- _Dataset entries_

-------------------------

Lemma run_columns s (i : 'I_L) j : (j <= d)%N ->
  run M (loop column_pass d.+1) s (acc_reg i j) =
  s (acc_reg i j) + \sum_(k < m) pass_term s k j i.
Proof.
move=> jd; set P := fun n (s' : nat -> R) =>
  (forall r, (r < x_reg 0)%N -> s' r = s r) /\
  (forall (i : 'I_L) j, (j <= d)%N -> s' (acc_reg i j) =
     s (acc_reg i j) + (if (j < n)%N then \sum_(k < m) pass_term s k j i else 0)).
suff [_ acc] : P d.+1 (run M (loop column_pass d.+1) s) by rewrite acc // ltnS jd.
apply: run_loop_ind => [|n s' nd [frame acc]]; first by split=> // i' j' _; rewrite addr0.
have [col_frame col_acc] := run_column_pass s' nd.
split=> [r r_lt | i' j' j'd]; first by rewrite col_frame ?frame.
rewrite col_acc // acc //; case: (ltngtP j' n) => [lt|gt|->].
- by rewrite ltnS ltnW // addr0.
- by rewrite ltnS leqNgt gt !addr0.
rewrite ltnSn addr0; congr (_ + _).
by apply: eq_bigr => k _; exact: pass_term_ext.
Qed.

Lemma run_normalize s n : (n < L * d)%N ->
  run M (loop normalize_instrs (L * d)) s (out_reg n) =
  s (acc_reg (n %/ d) (n %% d)) / s (acc_reg (n %/ d) d).
Proof.
move=> nLd; have d_gt0 : (0 < d)%N by move: nLd; case: (d); rewrite ?muln0.
set P := fun N (s' : nat -> R) =>
  (forall r, (r < out_reg 0)%N -> s' r = s r) /\
  (forall n', (n' < N)%N -> s' (out_reg n') =
     s (acc_reg (n' %/ d) (n' %% d)) / s (acc_reg (n' %/ d) d)).
suff [_ out] : P (L * d)%N (run M (loop normalize_instrs (L * d)) s) by exact: out.
apply: run_loop_ind => [|n' s' n'Ld [frame out]]; first by split=> // n'; lia.
have [iL jd] : (n' %/ d < L)%N /\ (n' %% d < d)%N by rewrite ltn_divLR // ltn_pmod.
rewrite run_seq1 /=; split=> [r r_lt | n'' n''_lt].
  by rewrite upd_neq ?frame //; move: r_lt; rewrite /out_reg; lia.
have [->|ne] := eqVneq n'' n'; first by rewrite upd_eq !frame ?acc_reg_lt // ltnW.
by rewrite upd_neq ?out //; rewrite /out_reg; lia.
Qed.

Lemma run_att_prog (FQ FK : 'M[R]_(L, m)) (V : 'M[R]_(L, d)) (i : 'I_L) (j : 'I_d) :
  run M att_prog (encode FQ FK V) (out_reg (i * d + j)) =
  linear_masked_sum M FQ FK (fun l => V l j) i / linear_masked_sum M FQ FK (fun=> 1) i.
Proof.
have acc_ext (j' : nat) : (j' <= d)%N ->
    run M (loop column_pass d.+1) (encode FQ FK V) (acc_reg i j') =
    \sum_(k < m) pass_term (encode FQ FK V) k j' i.
  by move=> j'd; rewrite run_columns // encode_work ?add0r // /acc_reg /tmp_reg; lia.
rewrite run_cat run_normalize ?flat_index_lt //.
rewrite flat_index_div // flat_index_mod // !acc_ext //; last exact: ltnW.
congr (_ / _); apply: eq_bigr => k _; rewrite /pass_term encode_fq; congr (_ * _);
  apply: eq_bigr => l _; rewrite /load_val encode_fk.
- by rewrite ltn_ord encode_v.
- by rewrite ltnn encode_work ?addr0 ?mulr1.
Qed.

End Program.
End Layout.

Theorem lemma3p1 (R : realType) :
  exists C : nat,
  forall (L dQK m d : nat) (T : nat -> nat),
    (0 < m)%N -> (0 < d)%N ->
    exists (P : seq (instr R)) (out : 'I_L -> 'I_d -> nat),
      (prog_cost L T P <= C * ((T L + L) * m * d))%N /\
      forall (M : 'M[R]_L) (phi : 'rV[R]_dQK -> 'rV[R]_m)
             (Q Kk : 'M[R]_(L, dQK)) (V : 'M[R]_(L, d)) (i : 'I_L) (j : 'I_d),
        run M P (encode (feat phi Q) (feat phi Kk) V) (out i j)
        = kernel_att M phi Q Kk V i j.
Proof.
exists 7%N => L dQK m d T m_gt0 d_gt0.
exists (att_prog L m d R), (fun i j => out_reg L m d (i * d + j)); split.
  by rewrite att_prog_cost; move: (T L) => t; nia.
move=> M phi Q Kk V i j.
rewrite run_att_prog !linear_masked_sum_feat kernel_attE.
by under [X in _ / X]eq_bigr do rewrite mulr1.
Qed.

-------------------------

- _What you have to do_
Copy, word for word, the line that contains "FK V) k j' i." and every line after it through the end of the records, and nothing else.

- _Your response_
    \sum_(k < m) pass_term (encode FQ FK V) k j' i.
  by move=> j'd; rewrite run_columns // encode_work ?add0r // /acc_reg /tmp_reg; lia.
rewrite run_cat run_normalize ?flat_index_lt //.
rewrite flat_index_div // flat_index_mod // !acc_ext //; last exact: ltnW.
congr (_ / _); apply: eq_bigr => k _; rewrite /pass_term encode_fq; congr (_ * _);
  apply: eq_bigr => l _; rewrite /load_val encode_fk.
- by rewrite ltn_ord encode_v.
- by rewrite ltnn encode_work ?addr0 ?mulr1.
Qed.

End Program.
End Layout.

Theorem lemma3p1 (R : realType) :
  exists C : nat,
  forall (L dQK m d : nat) (T : nat -> nat),
    (0 < m)%N -> (0 < d)%N ->
    exists (P : seq (instr R)) (out : 'I_L -> 'I_d -> nat),
      (prog_cost L T P <= C * ((T L + L) * m * d))%N /\
      forall (M : 'M[R]_L) (phi : 'rV[R]_dQK -> 'rV[R]_m)
             (Q Kk : 'M[R]_(L, dQK)) (V : 'M[R]_(L, d)) (i : 'I_L) (j : 'I_d),
        run M P (encode (feat phi Q) (feat phi Kk) V) (out i j)
        = kernel_att M phi Q Kk V i j.
Proof.
exists 7%N => L dQK m d T m_gt0 d_gt0.
exists (att_prog L m d R), (fun i j => out_reg L m d (i * d + j)); split.
  by rewrite att_prog_cost; move: (T L) => t; nia.
move=> M phi Q Kk V i j.
rewrite run_att_prog !linear_masked_sum_feat kernel_attE.
by under [X in _ / X]eq_bigr do rewrite mulr1.
Qed.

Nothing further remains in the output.